[YOUR INSTRUCTIONS] Number of lines with the string "forall" in the entries below: report it, and nothing besides.

[RECORD SET]
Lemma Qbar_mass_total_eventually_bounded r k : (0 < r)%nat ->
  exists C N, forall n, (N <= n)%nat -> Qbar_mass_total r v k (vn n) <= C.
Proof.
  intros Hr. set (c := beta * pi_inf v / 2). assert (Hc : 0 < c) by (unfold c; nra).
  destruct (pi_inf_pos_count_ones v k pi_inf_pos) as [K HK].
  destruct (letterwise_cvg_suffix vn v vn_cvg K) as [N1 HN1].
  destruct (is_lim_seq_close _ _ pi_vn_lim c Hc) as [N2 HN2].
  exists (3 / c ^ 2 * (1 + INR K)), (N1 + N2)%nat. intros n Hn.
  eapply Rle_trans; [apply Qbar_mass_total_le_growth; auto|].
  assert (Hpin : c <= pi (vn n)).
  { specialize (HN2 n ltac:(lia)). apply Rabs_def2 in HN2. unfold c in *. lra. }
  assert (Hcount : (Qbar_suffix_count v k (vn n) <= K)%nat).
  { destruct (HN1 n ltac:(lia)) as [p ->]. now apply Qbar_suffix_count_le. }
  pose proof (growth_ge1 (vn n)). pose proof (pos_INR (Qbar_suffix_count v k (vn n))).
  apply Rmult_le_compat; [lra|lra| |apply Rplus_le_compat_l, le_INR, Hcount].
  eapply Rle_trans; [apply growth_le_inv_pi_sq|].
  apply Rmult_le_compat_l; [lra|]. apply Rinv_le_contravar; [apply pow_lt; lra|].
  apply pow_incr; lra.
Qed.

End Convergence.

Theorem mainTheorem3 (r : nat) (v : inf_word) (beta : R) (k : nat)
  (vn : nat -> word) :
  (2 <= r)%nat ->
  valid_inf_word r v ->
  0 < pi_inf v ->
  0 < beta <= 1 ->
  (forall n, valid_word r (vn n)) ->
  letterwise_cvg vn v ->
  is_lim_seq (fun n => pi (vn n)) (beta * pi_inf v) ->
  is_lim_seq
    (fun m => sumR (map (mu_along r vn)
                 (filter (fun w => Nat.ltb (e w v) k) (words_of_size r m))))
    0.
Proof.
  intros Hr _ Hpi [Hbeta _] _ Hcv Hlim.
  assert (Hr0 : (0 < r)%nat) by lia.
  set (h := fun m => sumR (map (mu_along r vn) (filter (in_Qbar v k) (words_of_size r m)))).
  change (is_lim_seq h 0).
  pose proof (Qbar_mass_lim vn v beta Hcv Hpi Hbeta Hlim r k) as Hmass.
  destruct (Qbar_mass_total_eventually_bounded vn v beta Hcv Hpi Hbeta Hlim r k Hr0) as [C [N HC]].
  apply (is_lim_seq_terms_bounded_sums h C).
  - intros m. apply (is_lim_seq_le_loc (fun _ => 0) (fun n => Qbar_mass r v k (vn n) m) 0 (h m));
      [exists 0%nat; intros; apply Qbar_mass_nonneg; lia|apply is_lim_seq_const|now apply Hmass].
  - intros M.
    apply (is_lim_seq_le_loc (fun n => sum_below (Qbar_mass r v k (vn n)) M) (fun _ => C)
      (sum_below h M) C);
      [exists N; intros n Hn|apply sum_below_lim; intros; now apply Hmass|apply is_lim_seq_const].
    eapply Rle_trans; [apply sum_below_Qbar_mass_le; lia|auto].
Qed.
---
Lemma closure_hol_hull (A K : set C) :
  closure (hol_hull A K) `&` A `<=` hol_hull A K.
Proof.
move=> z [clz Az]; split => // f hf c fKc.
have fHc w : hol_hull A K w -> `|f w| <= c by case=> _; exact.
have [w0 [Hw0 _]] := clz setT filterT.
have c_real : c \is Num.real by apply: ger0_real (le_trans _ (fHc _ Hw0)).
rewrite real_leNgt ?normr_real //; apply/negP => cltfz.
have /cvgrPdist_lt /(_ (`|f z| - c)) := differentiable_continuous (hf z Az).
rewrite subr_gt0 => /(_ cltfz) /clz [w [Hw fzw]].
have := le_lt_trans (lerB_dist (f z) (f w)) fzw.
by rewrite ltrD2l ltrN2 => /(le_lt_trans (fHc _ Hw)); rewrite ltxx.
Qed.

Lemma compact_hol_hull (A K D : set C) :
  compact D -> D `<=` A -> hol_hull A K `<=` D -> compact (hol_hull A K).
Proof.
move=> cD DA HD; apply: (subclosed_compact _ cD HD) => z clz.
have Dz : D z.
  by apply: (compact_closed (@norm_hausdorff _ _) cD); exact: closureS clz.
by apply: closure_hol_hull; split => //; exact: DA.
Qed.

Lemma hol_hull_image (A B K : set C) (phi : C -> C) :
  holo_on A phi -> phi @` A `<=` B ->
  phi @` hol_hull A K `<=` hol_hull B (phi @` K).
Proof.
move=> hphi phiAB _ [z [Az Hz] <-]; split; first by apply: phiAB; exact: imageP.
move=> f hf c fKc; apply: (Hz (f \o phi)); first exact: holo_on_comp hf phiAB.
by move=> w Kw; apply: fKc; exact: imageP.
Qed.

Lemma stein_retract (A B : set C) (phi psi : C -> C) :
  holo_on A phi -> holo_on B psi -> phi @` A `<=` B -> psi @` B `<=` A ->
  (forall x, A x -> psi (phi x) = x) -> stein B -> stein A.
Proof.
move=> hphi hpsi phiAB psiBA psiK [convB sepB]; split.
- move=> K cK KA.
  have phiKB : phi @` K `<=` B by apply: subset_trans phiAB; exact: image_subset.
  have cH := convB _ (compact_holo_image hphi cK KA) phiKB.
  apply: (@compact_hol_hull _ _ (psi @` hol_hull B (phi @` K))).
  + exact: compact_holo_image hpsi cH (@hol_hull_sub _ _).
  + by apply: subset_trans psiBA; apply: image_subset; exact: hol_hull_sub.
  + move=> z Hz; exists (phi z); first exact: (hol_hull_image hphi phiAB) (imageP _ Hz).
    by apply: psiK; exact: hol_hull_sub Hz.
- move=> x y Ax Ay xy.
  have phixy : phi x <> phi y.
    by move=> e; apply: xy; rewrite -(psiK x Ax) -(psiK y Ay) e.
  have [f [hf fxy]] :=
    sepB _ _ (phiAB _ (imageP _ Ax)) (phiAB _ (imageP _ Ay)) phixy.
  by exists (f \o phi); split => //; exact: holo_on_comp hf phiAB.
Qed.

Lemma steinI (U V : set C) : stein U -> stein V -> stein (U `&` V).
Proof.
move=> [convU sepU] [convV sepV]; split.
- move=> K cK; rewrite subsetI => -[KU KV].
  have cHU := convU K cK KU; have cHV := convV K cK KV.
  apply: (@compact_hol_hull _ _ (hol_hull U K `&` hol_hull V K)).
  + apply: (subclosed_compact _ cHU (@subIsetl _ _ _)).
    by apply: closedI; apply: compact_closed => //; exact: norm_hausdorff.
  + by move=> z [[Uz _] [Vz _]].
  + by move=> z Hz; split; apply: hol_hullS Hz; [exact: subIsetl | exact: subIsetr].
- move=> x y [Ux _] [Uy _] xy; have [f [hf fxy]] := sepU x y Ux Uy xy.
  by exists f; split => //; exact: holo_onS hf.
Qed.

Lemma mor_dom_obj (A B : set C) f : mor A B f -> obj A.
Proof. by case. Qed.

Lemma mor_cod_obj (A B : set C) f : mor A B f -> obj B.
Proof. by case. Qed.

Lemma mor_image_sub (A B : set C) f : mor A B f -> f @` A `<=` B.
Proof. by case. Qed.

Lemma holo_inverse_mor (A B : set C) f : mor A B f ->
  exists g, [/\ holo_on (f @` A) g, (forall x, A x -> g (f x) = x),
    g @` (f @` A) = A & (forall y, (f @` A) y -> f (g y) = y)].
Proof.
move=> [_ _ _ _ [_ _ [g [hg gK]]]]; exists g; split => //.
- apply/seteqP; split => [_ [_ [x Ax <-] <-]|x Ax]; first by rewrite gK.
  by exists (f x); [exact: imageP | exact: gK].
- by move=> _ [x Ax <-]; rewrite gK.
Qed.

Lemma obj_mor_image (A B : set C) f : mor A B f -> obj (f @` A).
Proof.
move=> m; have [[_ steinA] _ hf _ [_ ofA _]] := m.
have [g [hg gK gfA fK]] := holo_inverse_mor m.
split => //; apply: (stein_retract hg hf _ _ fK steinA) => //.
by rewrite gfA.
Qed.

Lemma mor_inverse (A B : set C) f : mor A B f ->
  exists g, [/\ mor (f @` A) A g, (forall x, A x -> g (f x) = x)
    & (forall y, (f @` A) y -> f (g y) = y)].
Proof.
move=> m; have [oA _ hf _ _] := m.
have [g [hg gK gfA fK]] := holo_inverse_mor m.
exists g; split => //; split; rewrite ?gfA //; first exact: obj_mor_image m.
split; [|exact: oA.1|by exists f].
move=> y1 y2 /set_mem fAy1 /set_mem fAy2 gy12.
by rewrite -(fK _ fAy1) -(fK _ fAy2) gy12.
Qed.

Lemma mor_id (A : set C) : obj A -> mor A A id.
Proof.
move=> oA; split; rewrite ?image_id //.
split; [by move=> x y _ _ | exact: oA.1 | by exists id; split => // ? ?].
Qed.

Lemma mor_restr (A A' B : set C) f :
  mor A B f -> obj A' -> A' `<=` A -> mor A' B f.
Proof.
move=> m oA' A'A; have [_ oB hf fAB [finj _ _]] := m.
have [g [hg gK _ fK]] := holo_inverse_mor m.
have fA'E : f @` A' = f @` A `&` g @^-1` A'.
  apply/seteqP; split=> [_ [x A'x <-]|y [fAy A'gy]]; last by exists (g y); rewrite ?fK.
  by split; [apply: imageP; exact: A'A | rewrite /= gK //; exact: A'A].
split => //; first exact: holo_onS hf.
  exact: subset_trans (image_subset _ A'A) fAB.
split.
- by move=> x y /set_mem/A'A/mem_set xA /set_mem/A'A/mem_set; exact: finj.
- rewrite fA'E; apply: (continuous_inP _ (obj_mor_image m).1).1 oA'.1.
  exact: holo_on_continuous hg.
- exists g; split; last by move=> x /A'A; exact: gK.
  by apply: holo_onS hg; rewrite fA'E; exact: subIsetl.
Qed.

[RESPONSE BOX] 7